The second testbed was the University of Wisconsin campus Condor pool. This is a production Condor pool that has over 1000 64bit Linux workstations. This pool is operated by the Center for High-Throughput Computing (CHTC) at the University of Wisconsin and is part of the production compute fabric available to researchers at the University of Wisconsin. It was made available to us as part of our pilot through the generous support of CHTC and Dr. Miron Livny.
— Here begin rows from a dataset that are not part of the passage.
(* Let $h>0$ and let $\Gamma_h\subset\mathbf{R}^3$ be the closed curve on the cylinder $x^2+y^2=1$ given by $\Gamma_h(t)=(\cos t,\sin t,z(t))$, $t\in[0,2\pi]$, where $z$ is the continuous piecewise linear function with $z(0)=z(\pi)=z(2\pi)=h/2$, $z(\pi/2)=z(3\pi/2)=-h/2$, linear on each interval $[k\pi/2,(k+1)\pi/2]$, $k=0,1,2,3$. (Thus $\Gamma_h$ consists of four helical segments joining cyclically the points $p_1=(1,0,h/2)$, $p_2=(0,1,-h/2)$, $p_3=(-1,0,h/2)$, $p_4=(0,-1,-h/2)$.) Let $\overline\Gamma_h$ be the orthogonal projection of $\Gamma_h$ into the $xz$-plane. Then the width of $\Gamma_h$ equals the width of $\overline\Gamma_h$.
   Context: The width of a set in $\mathbf{R}^3$ is the infimum of the distances between pairs of parallel planes such that the set lies between them. The width of the planar set $\overline\Gamma_h$ (in the $xz$-plane) is the infimum of the distances between pairs of parallel lines in the $xz$-plane such that $\overline\Gamma_h$ lies between them. *)

From HB Require Import structures.
From mathcomp Require Import all_boot all_order all_algebra.
From mathcomp Require Import all_classical all_reals.
From mathcomp Require Import topology normedtype sequences exp trigo.
Set Implicit Arguments. Unset Strict Implicit. Unset Printing Implicit Defensive.
Import Order.TTheory GRing.Theory Num.Theory.
Local Open Scope classical_set_scope.
Local Open Scope ring_scope.

Section Defs.
Variable R : realType.

Definition zfun (h t : R) : R :=
  if t <= pi / 2 then h / 2 - h * (t / (pi / 2))
  else if t <= pi then - (h / 2) + h * ((t - pi / 2) / (pi / 2))
  else if t <= 3 * pi / 2 then h / 2 - h * ((t - pi) / (pi / 2))
  else - (h / 2) + h * ((t - 3 * pi / 2) / (pi / 2)).

Definition Gamma (h : R) : set (R * R * R) :=
  [set p | exists t, 0 <= t <= 2 * pi /\ p = (cos t, sin t, zfun h t)].

Definition Gammabar (h : R) : set (R * R) :=
  [set q | exists t, 0 <= t <= 2 * pi /\ q = (cos t, zfun h t)].

(* Width in R^3: infimum of distances between pairs of parallel planes
   {u.x = a}, {u.x = b} (u <> 0) such that the set lies between them. *)
Definition width3 (S : set (R * R * R)) : R :=
  inf [set d | exists (u1 u2 u3 a b : R),
        (u1, u2, u3) != (0, 0, 0) /\
        (forall p, S p -> a <= u1 * p.1.1 + u2 * p.1.2 + u3 * p.2 <= b) /\
        d = `|b - a| / Num.sqrt (u1 ^+ 2 + u2 ^+ 2 + u3 ^+ 2)].

(* Width in the plane: infimum of distances between pairs of parallel lines
   {u.x = a}, {u.x = b} (u <> 0) such that the set lies between them. *)
Definition width2 (S : set (R * R)) : R :=
  inf [set d | exists (u1 u2 a b : R),
        (u1, u2) != (0, 0) /\
        (forall p, S p -> a <= u1 * p.1 + u2 * p.2 <= b) /\
        d = `|b - a| / Num.sqrt (u1 ^+ 2 + u2 ^+ 2)].

End Defs.

(* A planar slab containing the projection lifts (with u2 = 0) to a slab of
   the same width containing Gamma_h.  Conversely, let a <= u.p <= b on
   Gamma_h.  Since Gamma_h is symmetric under x -> -x and y -> -y, and
   (u, a, b) may be replaced by (-u, -b, -a), we may take u1, u2, u3 >= 0 and write
   (u1, u2) = r (cos al, sin al) with 0 <= al <= pi/2.  Comparing u.p at a point
   of the arc over [0, pi/2] with one of the arc over [pi, 3pi/2] gives
   b - a >= r (1 + sin s) + u3 (h - k s) for every s in [0, pi/2], with
   k = 2h/pi.  Every point of the projection is (cos t, -h/2 + k s) with
   cos t >= - sin s, so this bound says exactly that the planar slab
   r + u3 h/2 - (b - a) <= r x + u3 z <= r + u3 h/2 contains the projection;
   it has the same width.  Hence both widths are infima of the same set. *)

From HB Require Import structures.
From mathcomp Require Import all_boot all_order all_algebra.
From mathcomp Require Import all_classical all_reals.
From mathcomp Require Import topology normedtype sequences exp trigo.
From mathcomp Require Import ring lra.
Set Implicit Arguments.
Unset Strict Implicit.
Unset Printing Implicit Defensive.

Import Order.TTheory GRing.Theory Num.Theory.
Local Open Scope classical_set_scope.
Local Open Scope ring_scope.

Section Trigonometry.
Variable R : realType.
Implicit Types x y s al : R.

Lemma cosD3pihalf x : cos (x + 3 * pi / 2) = sin x.
Proof.
have -> : x + 3 * pi / 2 = (x + pi / 2) + pi by field.
by rewrite cosDpi cosDpihalf opprK.
Qed.

Lemma sinD3pihalf x : sin (x + 3 * pi / 2) = - cos x.
Proof.
have -> : x + 3 * pi / 2 = (x + pi / 2) + pi by field.
by rewrite sinDpi sinDpihalf.
Qed.

Lemma ler_cos_0pi x y : 0 <= x -> x <= y -> y <= pi -> cos y <= cos x.
Proof.
move=> x_ge0 xy y_lepi; have [->|x_neq_y] := eqVneq x y; first exact: lexx.
apply: ltW; rewrite ltr_cos ?in_itv /= ?x_ge0 ?y_lepi ?(le_trans x_ge0 xy) //.
  by rewrite lt_neqAle x_neq_y.
by rewrite (le_trans xy y_lepi).
Qed.

Lemma cosB_add_sin_ge s al : 0 <= s -> s <= al -> al <= pi / 2 ->
  1 + sin s <= cos (al - s) + sin al.
Proof.
move=> s_ge0 s_le_al al_le; have pi_gt0 := @pi_gt0 R.
set x := (al + s) / 2; set y := (al - s) / 2.
(* with x, y the half sum and half difference, the gap is
   2 sin y (cos x - sin y), and x <= pi/2 - y *)
have cos_diff : cos (al - s) = 1 - 2 * sin y ^+ 2.
  rewrite (_ : al - s = y + y); last by rewrite /y; field.
  by rewrite cosD -!expr2 cos2sin2; ring.
have sin_diff : sin al - sin s = 2 * cos x * sin y.
  rewrite (_ : al = x + y); last by rewrite /x /y; field.
  rewrite (_ : s = x - y); last by rewrite /x /y; field.
  by rewrite sinD sinB; ring.
have sin_y_ge0 : 0 <= sin y by apply: sin_ge0_pi; rewrite /y; apply/andP; split; lra.
have sin_y_le : sin y <= cos x.
  rewrite -cosBpihalf -cosN opprB.
  apply: ler_cos_0pi; rewrite /x /y; lra.
nra.
Qed.

Lemma polar_nonneg (u1 u2 : R) : 0 <= u1 -> 0 <= u2 ->
  exists2 al, 0 <= al <= pi / 2 &
    u1 = Num.sqrt (u1 ^+ 2 + u2 ^+ 2) * cos al /\
    u2 = Num.sqrt (u1 ^+ 2 + u2 ^+ 2) * sin al.
Proof.
move=> u1_ge0 u2_ge0; have pi_gt0 := @pi_gt0 R.
set r := Num.sqrt _.
have r2 : r ^+ 2 = u1 ^+ 2 + u2 ^+ 2 by rewrite sqr_sqrtr // addr_ge0 // sqr_ge0.
have [r0|r_neq0] := eqVneq r 0.
  exists 0; first by apply/andP; split; lra.
  by move: r2; rewrite r0 !mul0r expr0n /=; split; nra.
have r_gt0 : 0 < r by rewrite lt_neqAle eq_sym r_neq0 sqrtr_ge0.
set c := u1 / r.
have c_ge0 : 0 <= c by apply: divr_ge0; lra.
have c_le1 : c <= 1 by rewrite ler_pdivrMr // mul1r; nra.
have c_in : -1 <= c <= 1 by apply/andP; split; lra.
have [/andP[al_ge0 al_lepi] cos_al] := acos_def c_in.
exists (acos c).
  apply/andP; split => //; rewrite leNgt; apply/negP => al_gt.
  have : cos (acos c) < cos (pi / 2).
    by rewrite ltr_cos // in_itv /=; apply/andP; split; lra.
  by rewrite cos_al cos_pihalf; lra.
have u1E : u1 = r * cos (acos c) by rewrite cos_al /c mulrC divfK.
split=> //.
have sin_ge0 : 0 <= sin (acos c) by apply: sin_ge0_pi; apply/andP; split.
have r_sin_ge0 : 0 <= r * sin (acos c) by rewrite mulr_ge0 // ltW.
apply/eqP; rewrite -(@eqrXn2 _ 2) //; apply/eqP.
have := cos2Dsin2 (acos c); move: u1E r2; nra.
Qed.

End Trigonometry.

Section Helix.
Variables (R : realType) (h : R).
Hypothesis h_gt0 : 0 < h.

Let k := h / (pi / 2).

Let k_gt0 : 0 < k.
Proof. by rewrite /k divr_gt0 // divr_gt0 // pi_gt0. Qed.

Let k_pi : k * pi = 2 * h.
Proof. have := @pi_gt0 R; rewrite /k => pi_gt0; field; lra. Qed.

Lemma zfunE t : zfun h t =
  if t <= pi / 2 then h / 2 - k * t
  else if t <= pi then - (h / 2) + k * (t - pi / 2)
  else if t <= 3 * pi / 2 then h / 2 - k * (t - pi)
  else - (h / 2) + k * (t - 3 * pi / 2).
Proof.
have slopeE x : h * (x / (pi / 2)) = k * x by rewrite mulrCA mulrC.
by rewrite /zfun !slopeE.
Qed.

Local Ltac zfun_arith :=
  have := @pi_gt0 R; have := k_pi; have := k_gt0; rewrite !zfunE;
  repeat (let H := fresh in case: ifPn => H; try rewrite -ltNge in H); nra.

Lemma zfun_reflect_pi t : 0 <= t <= pi -> zfun h (pi - t) = zfun h t.
Proof. by move=> /andP[]; zfun_arith. Qed.

Lemma zfun_reflect_3pi t : pi <= t <= 2 * pi -> zfun h (3 * pi - t) = zfun h t.
Proof. by move=> /andP[]; zfun_arith. Qed.

Lemma zfun_reflect_2pi t : 0 <= t <= 2 * pi -> zfun h (2 * pi - t) = zfun h t.
Proof. by move=> /andP[]; zfun_arith. Qed.

Lemma zfun_drop t s : 0 <= t -> t <= s -> s <= pi / 2 ->
  zfun h t - zfun h (t - s + 3 * pi / 2) = h - k * s.
Proof. by zfun_arith. Qed.

Lemma zfun_valley t : 0 <= t <= 2 * pi ->
  exists2 s, 0 <= s <= pi / 2 & - sin s <= cos t /\ zfun h t = - (h / 2) + k * s.
Proof.
move=> /andP[t_ge0 t_le]; have pi_gt0 := @pi_gt0 R; have := k_pi => kpiE.
rewrite zfunE; have [t1|t1] := leP t (pi / 2).
  exists (pi / 2 - t); first by apply/andP; split; lra.
  split; last by lra.
  have : 0 <= sin (pi / 2 - t) by apply: sin_ge0_pi; apply/andP; split; lra.
  have : 0 <= cos t by apply: cos_ge0_pihalf; apply/andP; split; lra.
  lra.
have [t2|t2] := leP t pi.
  exists (t - pi / 2); first by apply/andP; split; lra.
  by split; [rewrite -cosDpihalf subrK | lra].
have [t3|t3] := leP t (3 * pi / 2).
  exists (3 * pi / 2 - t); first by apply/andP; split; lra.
  split; last by lra.
  by rewrite -sinN opprB -cosD3pihalf subrK.
exists (t - 3 * pi / 2); first by apply/andP; split; lra.
split; last by lra.
have : 0 <= sin (t - 3 * pi / 2) by apply: sin_ge0_pi; apply/andP; split; lra.
by rewrite -[in cos t](subrK (3 * pi / 2) t) cosD3pihalf; lra.
Qed.

Lemma zfun_le t : 0 <= t <= 2 * pi -> zfun h t <= h / 2.
Proof.
move=> /zfun_valley[s /andP[s_ge0 s_le] [_ ->]].
have := k_gt0; have := k_pi; nra.
Qed.

Definition Gamma_in_slab (u1 u2 u3 a b : R) := forall t, 0 <= t <= 2 * pi ->
  a <= u1 * cos t + u2 * sin t + u3 * zfun h t <= b.

Lemma Gamma_in_slabNx u1 u2 u3 a b :
  Gamma_in_slab u1 u2 u3 a b -> Gamma_in_slab (- u1) u2 u3 a b.
Proof.
move=> inS t /andP[t_ge0 t_le]; have pi_gt0 := @pi_gt0 R.
have [t_lepi|t_gtpi] := leP t pi.
  have := inS (pi - t) (ltac:(apply/andP; split; lra)).
  rewrite zfun_reflect_pi ?t_ge0 // (addrC pi).
  by rewrite cosDpi sinDpi cosN sinN opprK mulrN mulNr.
have := inS (3 * pi - t) (ltac:(apply/andP; split; lra)).
rewrite zfun_reflect_3pi ?(ltW t_gtpi) //.
have -> : 3 * pi - t = (- t + pi) + pi *+ 2 by rewrite mulr2n; ring.
by rewrite cosD2pi sinD2pi cosDpi sinDpi cosN sinN opprK mulrN mulNr.
Qed.

Lemma Gamma_in_slabNy u1 u2 u3 a b :
  Gamma_in_slab u1 u2 u3 a b -> Gamma_in_slab u1 (- u2) u3 a b.
Proof.
move=> inS t /andP[t_ge0 t_le]; have pi_gt0 := @pi_gt0 R.
have := inS (2 * pi - t) (ltac:(apply/andP; split; lra)).
rewrite zfun_reflect_2pi ?t_ge0 //.
have -> : 2 * pi - t = - t + pi *+ 2 by rewrite mulr2n; ring.
by rewrite cosD2pi sinD2pi cosN sinN mulrN mulNr.
Qed.

Lemma Gamma_in_slab_norm u1 u2 u3 a b :
  Gamma_in_slab u1 u2 u3 a b -> Gamma_in_slab `|u1| `|u2| u3 a b.
Proof.
move=> inS.
have inS1 : Gamma_in_slab `|u1| u2 u3 a b.
  by have [/ger0_norm ->|/ltr0_norm ->] := leP 0 u1; last exact: Gamma_in_slabNx.
by have [/ger0_norm ->|/ltr0_norm ->] := leP 0 u2; last exact: Gamma_in_slabNy.
Qed.

Lemma Gamma_in_slab_gap r al u3 a b t s :
  Gamma_in_slab (r * cos al) (r * sin al) u3 a b ->
  0 <= t -> t <= s -> s <= pi / 2 ->
  r * (cos (t - al) - sin (t - al - s)) + u3 * (h - k * s) <= b - a.
Proof.
move=> inS t_ge0 t_le_s s_le; have pi_gt0 := @pi_gt0 R.
have polarE x : r * cos al * cos x + r * sin al * sin x = r * cos (x - al).
  by rewrite cosB; ring.
have /andP[_ le_b] := inS t (ltac:(apply/andP; split; lra)).
have /andP[a_le _] := inS (t - s + 3 * pi / 2) (ltac:(apply/andP; split; lra)).
move: le_b a_le; rewrite !polarE.
have -> : t - s + 3 * pi / 2 - al = (t - al - s) + 3 * pi / 2 by ring.
rewrite cosD3pihalf -(zfun_drop t_ge0 t_le_s s_le) mulrBr.
lra.
Qed.

Lemma Gamma_in_slab_width_ge u1 u2 u3 a b s : 0 <= u1 -> 0 <= u2 ->
  Gamma_in_slab u1 u2 u3 a b -> 0 <= s <= pi / 2 ->
  Num.sqrt (u1 ^+ 2 + u2 ^+ 2) * (1 + sin s) + u3 * (h - k * s) <= b - a.
Proof.
move=> u1_ge0 u2_ge0 inS /andP[s_ge0 s_le].
have [al /andP[al_ge0 al_le] [u1E u2E]] := polar_nonneg u1_ge0 u2_ge0.
set r := Num.sqrt _ in u1E u2E *.
have r_ge0 : 0 <= r := sqrtr_ge0 _.
rewrite u1E u2E in inS.
have [al_le_s|s_lt_al] := leP al s.
  have := Gamma_in_slab_gap inS al_ge0 al_le_s s_le.
  by rewrite subrr cos0 sub0r sinN opprK.
have := Gamma_in_slab_gap inS s_ge0 (lexx s) s_le.
have -> : s - al - s = - al by ring.
rewrite sinN opprK -cosN opprB.
have := cosB_add_sin_ge s_ge0 (ltW s_lt_al) al_le.
move=> /(ler_wpM2l r_ge0); lra.
Qed.

Lemma Gammabar_slab_of_Gamma_slab (u1 u2 u3 a b : R) :
  (u1, u2, u3) != (0, 0, 0) ->
  (forall p, Gamma h p -> a <= u1 * p.1.1 + u2 * p.1.2 + u3 * p.2 <= b) ->
  exists (v1 v2 a' b' : R), (v1, v2) != (0, 0) /\
    (forall q, Gammabar h q -> a' <= v1 * q.1 + v2 * q.2 <= b') /\
    `|b - a| / Num.sqrt (u1 ^+ 2 + u2 ^+ 2 + u3 ^+ 2) =
    `|b' - a'| / Num.sqrt (v1 ^+ 2 + v2 ^+ 2).
Proof.
wlog u3_ge0 : u1 u2 u3 a b / 0 <= u3 => [wlog_u3|u_neq0 inS].
  move=> u_neq0 inS; have [u3_ge0|u3_lt0] := leP 0 u3; first exact: wlog_u3.
  have Nu3_ge0 : 0 <= - u3 by lra.
  have Nu_neq0 : (- u1, - u2, - u3) != (0, 0, 0).
    apply: contraNneq u_neq0 => -[u1_0 u2_0 u3_0].
    by rewrite -[u1]opprK -[u2]opprK -[u3]opprK u1_0 u2_0 u3_0 oppr0.
  have inNS p : Gamma h p -> - b <= - u1 * p.1.1 + - u2 * p.1.2 + - u3 * p.2 <= - a.
    by move=> /inS /andP[a_le le_b]; apply/andP; split; lra.
  have [v1 [v2 [a' [b' [v_neq0 [inS' widthE]]]]]] :=
    wlog_u3 _ _ _ _ _ Nu3_ge0 Nu_neq0 inNS.
  exists v1, v2, a', b'; split => //; split => //.
  by rewrite -widthE !sqrrN opprK addrC.
have inS_param : Gamma_in_slab u1 u2 u3 a b.
  by move=> t t_in; apply: (inS (cos t, sin t, zfun h t)); exists t.
set r := Num.sqrt (u1 ^+ 2 + u2 ^+ 2).
have r_ge0 : 0 <= r := sqrtr_ge0 _.
have r2E : r ^+ 2 = u1 ^+ 2 + u2 ^+ 2 by rewrite sqr_sqrtr // addr_ge0 // sqr_ge0.
exists r, u3, (r + u3 * (h / 2) - (b - a)), (r + u3 * (h / 2)); split; [|split].
- apply: contraNneq u_neq0 => -[r0 ->].
  have u12_0 : u1 ^+ 2 + u2 ^+ 2 = 0 by rewrite -r2E r0 expr0n.
  by have [-> ->] : u1 = 0 /\ u2 = 0 by split; nra.
- move=> _ [t [t_in ->]] /=.
  have [s s_in [cos_ge zE]] := zfun_valley t_in.
  have := Gamma_in_slab_width_ge (normr_ge0 u1) (normr_ge0 u2)
    (Gamma_in_slab_norm inS_param) s_in.
  rewrite !real_normK ?num_real // -/r.
  have : r * cos t <= r by rewrite ler_piMr // cos_le1.
  have : r * - sin s <= r * cos t by rewrite ler_wpM2l.
  have : u3 * zfun h t <= u3 * (h / 2) by rewrite ler_wpM2l // zfun_le.
  rewrite zE; lra.
- by rewrite r2E; congr (`| _ | / _); ring.
Qed.

End Helix.

Theorem lemma5p1 (R : realType) (h : R) (hpos : 0 < h) :
  width3 (Gamma h) = width2 (Gammabar h).
Proof.
rewrite /width3 /width2; congr inf; apply/seteqP; split => d.
- move=> [u1 [u2 [u3 [a [b [u_neq0 [inS ->]]]]]]].
  exact: Gammabar_slab_of_Gamma_slab.
- move=> [u1 [u2 [a [b [u_neq0 [inS ->]]]]]].
  exists u1, 0, u2, a, b; split; [|split].
  + by apply: contraNneq u_neq0 => -[-> ->].
  + move=> _ [t [t_in ->]] /=; rewrite mul0r addr0.
    by apply: (inS (cos t, zfun h t)); exists t.
  + by rewrite expr0n /= addr0.
Qed.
The third testbed was the dynamically provisioned Condor pool made available by the Engage VO (Virtual Organization) which leverages compute cycles provided by the Open Science Grid (OSG). The Engage VO was established to encourage exploration of OSG by new users. It operates a dynamically provisioned Condor pool using a technology called glidin-WMS to affiliate available compute cycles in OSG with a virtual Condor pool. This is the essence of the on-demand resource allocation of cloud computing. The Engage VO is operated by RENCI (RENaissance Computing Institute) a multi-institutional research resource for North Carolina. Engage VO access and support was provided by John McGee, PI of the grant that established the Engage VO.